Linked Data and Libraries: Richard Wallis

A year on from the first Talis Linked Data and Libraries meeting – a lot has happened. The W3C has a group on ‘linked data and libraries’; the BL has released a load of records as RDF/XML – brave decision; Richard went to meeting where in Denmark there was discussion about trying to persuade publishers to release metadata; Europeana Linked Data now available; parts of French National Catalogue etc. etc.

While it may feel that progress is slow – people are getting out there and ‘just doing it’ as Lynne Brindley just suggested.

Talis – started pioneering in Semantic Web/Linked Data areas.
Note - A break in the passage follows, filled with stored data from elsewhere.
(* For every odd integer $q>1$ there exists a $q$-ary $2$-frameproof code of length $4$ and cardinality $2(q-1)^2+1$.
   Context: For $P\subseteq F^l$ over a finite alphabet $F$, $desc(P)=\{x\in F^l: \text{for every } i\in\{1,\ldots,l\} \text{ there is } y\in P \text{ with } x_i=y_i\}$. For an integer $c\geq 2$, a $c$-frameproof code of length $l$ is a subset $C\subseteq F^l$ with $desc(P)\cap C=P$ for every $P\subseteq C$ with $|P|\leq c$; it is $q$-ary if $|F|=q$. *)

From mathcomp Require Import all_boot.
Set Implicit Arguments. Unset Strict Implicit. Unset Printing Implicit Defensive.

Definition word (F : finType) (l : nat) := {ffun 'I_l -> F}.

Definition desc (F : finType) (l : nat) (P : {set word F l}) : {set word F l} :=
  [set x : word F l | [forall i : 'I_l, [exists y in P, x i == y i]]].

Definition frameproof (F : finType) (l c : nat) (C : {set word F l}) : Prop :=
  forall P : {set word F l}, P \subset C -> #|P| <= c -> desc P :&: C = P.

From mathcomp Require Import all_boot zify.
Set Implicit Arguments. Unset Strict Implicit. Unset Printing Implicit Defensive.

(* Write q = 2m + 1 and read a nonzero symbol as a pair (bit, residue mod m).
   Besides the zero word, the code has the words with a single zero, at some
   position v, whose three other positions carry the residues a, b, a + b of
   (a, b) in (Z/m)^2 together with bits s (+) flip v i; this gives
   1 + 4 * 2 * m^2 = 2 (q - 1)^2 + 1 words.  Every codeword x then agrees with
   any other codeword in at most one of the three positions D outside its own
   zero position: for the same zero position, two residues determine (a, b)
   and one bit determines s; for different zero positions v, w the position w
   disagrees, and flip is chosen so that the bits cannot agree on both
   positions outside {v, w}.  A 2-frameproof code follows by counting: two
   codewords cover at most two positions of D. *)

Lemma leq_card_bigcup (I T : finType) (P : {pred I}) (A : I -> {set T}) :
  #|\bigcup_(i in P) A i| <= \sum_(i in P) #|A i|.
Proof.
elim/big_rec2: _ => [|i n U _ leUn]; first by rewrite cards0.
by rewrite (leq_trans (leq_card_setU _ _).1) ?leq_add2l.
Qed.

Definition agree (F : finType) (l : nat) (x y : word F l) : {set 'I_l} :=
  [set i | x i == y i].

Lemma frameproof_of_agree_bound (F : finType) (l c t : nat) (C : {set word F l}) :
  (forall x, x \in C -> exists2 D : {set 'I_l}, c * t < #|D| &
     forall y, y \in C -> y != x -> #|agree x y :&: D| <= t) ->
  frameproof c C.
Proof.
move=> bound P PC Pc; apply/setP => x; rewrite inE.
apply/andP/idP => [[xP xC]|xP]; last first.
  split; last exact: (subsetP PC).
  by rewrite inE; apply/forallP => i; apply/existsP; exists x; rewrite xP /=.
apply/contraT => xNP; have [D ctD agreeD] := bound x xC.
pose U := \bigcup_(y in P) (agree x y :&: D).
have U_small : #|U| < #|D|.
  apply: leq_ltn_trans (leq_card_bigcup _ _) (leq_ltn_trans _ ctD).
  apply: (@leq_trans (\sum_(y in P) t)).
    apply: leq_sum => y yP; apply: agreeD; first exact: (subsetP PC).
    by apply: contraNneq xNP => <-.
  by rewrite sum_nat_const leq_mul2r Pc orbT.
have /subsetPn [i iD iNU] : ~~ (D \subset U).
  by apply: contraTN U_small => /subset_leq_card; rewrite leqNgt.
move: xP; rewrite inE => /forallP/(_ i)/existsP [y /andP [yP xy]].
by case/negP: iNU; apply/bigcupP; exists y; rewrite // !inE xy.
Qed.

Definition flip (v i : 'I_4) : bool :=
  match nat_of_ord v, nat_of_ord i with 1, 3 | 2, 1 | 3, 2 => true | _, _ => false end.

Lemma flip_separates (v w i j : 'I_4) : v != w -> i != v -> i != w ->
  j != v -> j != w -> i != j -> flip v i (+) flip w i != flip v j (+) flip w j.
Proof.
by case: v w i j => [[|[|[|[|?]]]] ?] [[|[|[|[|?]]]] ?] [[|[|[|[|?]]]] ?]
  [[|[|[|[|?]]]] ?].
Qed.

Definition rank (v i : 'I_4) : nat := if i < v then nat_of_ord i else i.-1.

Lemma rank_lt3 (v i : 'I_4) : i != v -> rank v i < 3.
Proof. by case: v i => [[|[|[|[|?]]]] ?] [[|[|[|[|?]]]] ?]. Qed.

Lemma rank_inj (v i j : 'I_4) : i != v -> j != v -> i != j -> rank v i != rank v j.
Proof.
by case: v i j => [[|[|[|[|?]]]] ?] [[|[|[|[|?]]]] ?] [[|[|[|[|?]]]] ?].
Qed.

Section Construction.

Variable m : nat.

Definition residue (a b k : nat) : nat :=
  match k with 0 => a | 1 => b | _ => (a + b) %% m end.

Lemma residue_lt a b k : a < m -> b < m -> residue a b k < m.
Proof. by move=> am bm; case: k => [|[|k]] //=; rewrite ltn_mod (leq_ltn_trans _ am). Qed.

Lemma residue_inj a b a' b' k k' : a < m -> b < m -> a' < m -> b' < m ->
  k < 3 -> k' < 3 -> k != k' ->
  residue a b k = residue a' b' k -> residue a b k' = residue a' b' k' ->
  a = a' /\ b = b'.
Proof.
move=> am bm a'm b'm.
have modDl_inj d e e' : e < m -> e' < m -> (d + e) %% m = (d + e') %% m -> e = e'.
  by move=> em e'm /eqP; rewrite eqn_modDl !modn_small // => /eqP.
have eq_b d : (d + b) %% m = (d + b') %% m -> b = b' by apply: modDl_inj.
have eq_a d : (a + d) %% m = (a' + d) %% m -> a = a'.
  by rewrite ![_ + d]addnC; apply: modDl_inj.
case: k k' => [|[|[|?]]] [|[|[|?]]] //= _ _ _.
- by move=> ea; rewrite ea => /eq_b ->.
- by move=> eb; rewrite eb => /eq_a ->.
- by move=> e ea; move: e; rewrite ea => /eq_b ->.
- by move=> e eb; move: e; rewrite eb => /eq_a ->.
Qed.

Definition symbol (s : bool) (r : nat) : nat := (r + s * m).+1.

Lemma symbol_lt s r : r < m -> symbol s r < (m.*2).+1.
Proof. by rewrite /symbol -mul2n; case: s => /=; lia. Qed.

Lemma symbol_inj s s' r r' : r < m -> r' < m ->
  symbol s r = symbol s' r' -> s = s' /\ r = r'.
Proof. by rewrite /symbol; case: s s' => [] [] /=; lia. Qed.

Definition param := option ('I_4 * bool * 'I_m * 'I_m).

Definition zero_pos (p : param) : 'I_4 := if p is Some (v, _, _, _) then v else ord0.

Definition coord (p : param) (i : 'I_4) : nat :=
  if p is Some (v, s, a, b) then
    if i == v then 0 else symbol (s (+) flip v i) (residue a b (rank v i))
  else 0.

Definition codeword (p : param) : word 'I_(m.*2).+1 4 := [ffun i => inord (coord p i)].

Lemma coord_lt p i : coord p i < (m.*2).+1.
Proof.
case: p => [[[[v s] a] b]|] //=; case: (i == v) => //.
exact/symbol_lt/residue_lt.
Qed.

Lemma codeword_eqE p p' i : (codeword p i == codeword p' i) = (coord p i == coord p' i).
Proof.
rewrite !ffunE; apply/eqP/eqP => [/(congr1 (@nat_of_ord _))|->] //.
by rewrite !inordK ?coord_lt.
Qed.

Lemma coord_off v s a b i : i != v ->
  coord (Some (v, s, a, b)) i = symbol (s (+) flip v i) (residue a b (rank v i)).
Proof. by move=> /negbTE /= ->. Qed.

Lemma coord_eq0 v s a b i : (coord (Some (v, s, a, b)) i == 0) = (i == v).
Proof. by rewrite /=; case: (i == v). Qed.

Lemma coord_agree2 (p p' : param) (i j : 'I_4) :
  i != zero_pos p -> j != zero_pos p -> i != j ->
  coord p i = coord p' i -> coord p j = coord p' j -> p = p'.
Proof.
case: p p' => [[[[v s] a] b]|] [[[[w s'] a'] b']|] // iv jv ij;
  rewrite ?[coord None _]/= => ei ej; first last.
- move/esym/eqP: ei; move/esym/eqP: ej; rewrite !coord_eq0 => /eqP jw /eqP iw.
  by rewrite iw jw eqxx in ij.
- by move/eqP: ei; rewrite coord_eq0 (negbTE iv).
rewrite /= in iv jv.
have iw : i != w by rewrite -(coord_eq0 w s' a' b') -ei coord_eq0.
have jw : j != w by rewrite -(coord_eq0 w s' a' b') -ej coord_eq0.
move: ei ej; rewrite !coord_off //.
have res_lt c d k : residue (@nat_of_ord m c) (@nat_of_ord m d) k < m.
  exact: residue_lt.
move=> /(symbol_inj (res_lt _ _ _) (res_lt _ _ _)) [si ri].
move=> /(symbol_inj (res_lt _ _ _) (res_lt _ _ _)) [sj rj].
have [vw|vw] := eqVneq v w.
  subst w; have [/val_inj <- /val_inj <-] := residue_inj (ltn_ord a) (ltn_ord b)
    (ltn_ord a') (ltn_ord b') (rank_lt3 iv) (rank_lt3 jv) (rank_inj iv jv ij) ri rj.
  by move: si; rewrite -!(addbC (flip v i)) => /addbI ss'; rewrite ss'.
have := flip_separates vw iv iw jv jw ij.
by move: si sj; case: s s' (flip v i) (flip w i) (flip v j) (flip w j) => [] [] [] [] [] [].
Qed.

Lemma card_agree_le1 p p' : p != p' ->
  #|agree (codeword p) (codeword p') :&: [set~ zero_pos p]| <= 1.
Proof.
move=> pp'; apply/card_le1_eqP => i j; rewrite !inE !codeword_eqE.
move=> /andP [/eqP ei iv] /andP [/eqP ej jv]; apply/eqP.
apply: contraNT pp' => ij; apply/eqP; exact: coord_agree2 jv iv ij ej ei.
Qed.

Lemma codeword_inj : injective codeword.
Proof.
move=> p p' eq_pp'; apply/eqP/contraT => /card_agree_le1.
rewrite eq_pp'; have -> : agree (codeword p') (codeword p') = setT.
  by apply/setP => i; rewrite !inE eqxx.
by rewrite setTI cardsC1 card_ord.
Qed.

Lemma codeword_frameproof : frameproof 2 [set codeword p | p : param].
Proof.
apply: (@frameproof_of_agree_bound _ _ _ 1) => _ /imsetP [p _ ->].
exists [set~ zero_pos p]; first by rewrite cardsC1 card_ord.
move=> _ /imsetP [p' _ ->] neq; apply: card_agree_le1.
by apply: contraNneq neq => ->; rewrite eqxx.
Qed.

Lemma card_codewords : #|[set codeword p | p : param]| = 1 + 4 * 2 * m * m.
Proof.
by rewrite card_imset ?card_option ?card_prod ?card_ord ?card_bool //; apply: codeword_inj.
Qed.

End Construction.

Theorem theorem2 (q : nat) : odd q -> 1 < q ->
  exists C : {set word 'I_q 4},
    frameproof 2 C /\ #|C| = 2 * (q - 1) ^ 2 + 1.
Proof.
move=> q_odd _.
have [m ->] : exists m, q = m.*2.+1.
  by exists q./2; rewrite -[LHS](odd_double_half q) q_odd add1n.
exists [set codeword p | p : param m]; split; first exact: codeword_frameproof.
by rewrite card_codewords subn1 /= -mul2n; lia.
Qed.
Recently the Library Systems Division has been sold to Capita – allow it to focus on libraries, while ‘Talis’ is going forward with focus on linked data/semantic web.

Now Talis is made up of:

Talis Group – core technologies/strategy – run the Talis Platform
Talis Education – applications in academia – offer the Talis Aspire product (for ‘reading lists’ in Universities)
Talis Systems Ltd – Consulting/Training/Evangelism around Linked Data etc.
Kasabi.com – [Linked] Data Marketplace – free hosting at the moment – Community – APIs. Evetually looking to monetise

Enough about Talis …

UK Government still pressing forward with open linked data
BBC have done more with Linked Data – e.g. World Cup 2010 site was based on Linked Data – delivered more pages and more traffic with less staff. BBC already working with same technology to look at Olympics 2012 site…

Richard now mentioning Good Relations ontology – adoption by very large commercial organisations.

Linked Data ‘cloud’ has got larger – more links – but what are these links for?
Links (i.e. http URIs) identify things – and so you can deliver information about things you link to… Richard says lots of the ‘talk’ is about things like SPARQL endpoints etc. But should be about identifying things and delivering information about them.

Richard breaking down Linked Data – how RDF describes stuff etc. Allows you to find relationships between things – that machines can parse… [Richard actually said ‘understand’ but don’t think he is necessarily talking AI here]

Richard stressing that Linked Data is about technology and Open Data about licensing – separate issues which talking about ‘Linked Open Data’ conflates – quotes Paul Walk on this from http://blog.paulwalk.net/2009/11/11/linked-open-semantic/ – but says he (Richard) would talk about the Linked Data web not the Semantic Web (Paul uses latter term)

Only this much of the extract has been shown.